* _Problem details_: Transcribe exactly everything in the data below from the line containing "rewrite (bigD1 C0)" down to the line containing "have [W [F [sub", both lines included and nothing further.

* _The input_:
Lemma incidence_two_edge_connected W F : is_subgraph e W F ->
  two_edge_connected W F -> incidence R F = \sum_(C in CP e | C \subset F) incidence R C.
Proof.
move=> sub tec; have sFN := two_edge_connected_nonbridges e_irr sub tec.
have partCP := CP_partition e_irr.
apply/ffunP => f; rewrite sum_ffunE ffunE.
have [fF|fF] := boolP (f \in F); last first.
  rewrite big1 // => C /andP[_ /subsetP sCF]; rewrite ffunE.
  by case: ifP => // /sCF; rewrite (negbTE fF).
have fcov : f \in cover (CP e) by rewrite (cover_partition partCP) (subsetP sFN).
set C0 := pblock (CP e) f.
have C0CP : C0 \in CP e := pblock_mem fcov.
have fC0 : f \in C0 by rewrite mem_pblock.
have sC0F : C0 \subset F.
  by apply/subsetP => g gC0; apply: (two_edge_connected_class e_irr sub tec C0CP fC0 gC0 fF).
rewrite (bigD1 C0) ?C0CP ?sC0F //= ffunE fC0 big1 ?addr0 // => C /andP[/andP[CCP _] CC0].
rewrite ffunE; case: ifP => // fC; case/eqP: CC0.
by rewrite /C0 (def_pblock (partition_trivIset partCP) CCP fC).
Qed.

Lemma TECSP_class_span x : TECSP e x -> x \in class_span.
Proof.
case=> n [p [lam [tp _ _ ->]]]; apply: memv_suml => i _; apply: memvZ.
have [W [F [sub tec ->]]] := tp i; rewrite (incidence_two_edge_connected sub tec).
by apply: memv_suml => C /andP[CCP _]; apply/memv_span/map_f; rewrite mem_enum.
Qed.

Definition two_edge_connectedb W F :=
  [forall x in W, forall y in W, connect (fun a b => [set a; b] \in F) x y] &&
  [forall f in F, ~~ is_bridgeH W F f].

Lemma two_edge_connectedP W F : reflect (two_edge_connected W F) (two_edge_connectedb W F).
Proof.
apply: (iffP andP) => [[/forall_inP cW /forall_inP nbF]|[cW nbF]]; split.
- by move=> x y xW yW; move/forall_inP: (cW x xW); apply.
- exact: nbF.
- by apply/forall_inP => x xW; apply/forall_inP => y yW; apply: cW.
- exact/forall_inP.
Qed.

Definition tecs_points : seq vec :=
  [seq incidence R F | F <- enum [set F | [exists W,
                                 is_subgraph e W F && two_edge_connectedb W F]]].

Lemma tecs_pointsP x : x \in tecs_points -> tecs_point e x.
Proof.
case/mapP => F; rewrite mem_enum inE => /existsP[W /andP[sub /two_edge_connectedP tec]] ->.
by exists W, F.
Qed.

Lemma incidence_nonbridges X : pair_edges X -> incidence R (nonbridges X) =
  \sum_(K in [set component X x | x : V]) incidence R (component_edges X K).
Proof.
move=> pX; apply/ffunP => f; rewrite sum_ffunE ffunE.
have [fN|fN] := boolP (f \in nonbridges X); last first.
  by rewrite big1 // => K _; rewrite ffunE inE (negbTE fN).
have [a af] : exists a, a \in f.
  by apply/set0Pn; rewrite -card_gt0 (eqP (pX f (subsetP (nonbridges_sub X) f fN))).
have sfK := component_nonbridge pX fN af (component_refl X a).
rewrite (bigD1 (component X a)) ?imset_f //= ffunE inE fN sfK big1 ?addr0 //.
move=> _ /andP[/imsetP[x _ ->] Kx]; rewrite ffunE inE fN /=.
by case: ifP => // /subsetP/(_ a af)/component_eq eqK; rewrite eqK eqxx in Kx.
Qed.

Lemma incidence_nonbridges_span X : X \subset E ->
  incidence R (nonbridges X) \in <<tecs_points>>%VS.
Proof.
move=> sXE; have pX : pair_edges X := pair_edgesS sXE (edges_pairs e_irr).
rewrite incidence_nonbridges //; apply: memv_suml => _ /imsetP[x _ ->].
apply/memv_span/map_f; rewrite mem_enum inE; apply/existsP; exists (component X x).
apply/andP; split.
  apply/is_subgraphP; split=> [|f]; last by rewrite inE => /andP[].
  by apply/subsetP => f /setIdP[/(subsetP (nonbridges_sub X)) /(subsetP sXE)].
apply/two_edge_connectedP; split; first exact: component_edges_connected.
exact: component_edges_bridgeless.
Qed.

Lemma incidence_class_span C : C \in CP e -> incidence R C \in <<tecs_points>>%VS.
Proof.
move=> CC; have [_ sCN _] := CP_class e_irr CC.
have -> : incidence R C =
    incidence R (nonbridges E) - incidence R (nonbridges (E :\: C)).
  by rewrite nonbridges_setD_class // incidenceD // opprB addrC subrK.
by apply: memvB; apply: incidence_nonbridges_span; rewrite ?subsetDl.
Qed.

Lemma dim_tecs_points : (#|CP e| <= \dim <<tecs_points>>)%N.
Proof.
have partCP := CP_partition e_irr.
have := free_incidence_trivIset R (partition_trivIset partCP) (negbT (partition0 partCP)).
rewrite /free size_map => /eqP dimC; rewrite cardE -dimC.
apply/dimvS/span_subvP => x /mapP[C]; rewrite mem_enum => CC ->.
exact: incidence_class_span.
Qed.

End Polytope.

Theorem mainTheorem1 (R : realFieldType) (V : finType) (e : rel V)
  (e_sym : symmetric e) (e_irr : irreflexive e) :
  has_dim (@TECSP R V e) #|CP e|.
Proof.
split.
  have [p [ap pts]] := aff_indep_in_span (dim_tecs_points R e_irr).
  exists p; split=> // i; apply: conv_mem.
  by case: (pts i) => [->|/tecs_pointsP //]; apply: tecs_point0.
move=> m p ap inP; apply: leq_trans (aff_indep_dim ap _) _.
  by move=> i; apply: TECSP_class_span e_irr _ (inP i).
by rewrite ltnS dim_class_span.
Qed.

* _Answer section_:
rewrite (bigD1 C0) ?C0CP ?sC0F //= ffunE fC0 big1 ?addr0 // => C /andP[/andP[CCP _] CC0].
rewrite ffunE; case: ifP => // fC; case/eqP: CC0.
by rewrite /C0 (def_pblock (partition_trivIset partCP) CCP fC).
Qed.

Lemma TECSP_class_span x : TECSP e x -> x \in class_span.
Proof.
case=> n [p [lam [tp _ _ ->]]]; apply: memv_suml => i _; apply: memvZ.
have [W [F [sub tec ->]]] := tp i; rewrite (incidence_two_edge_connected sub tec).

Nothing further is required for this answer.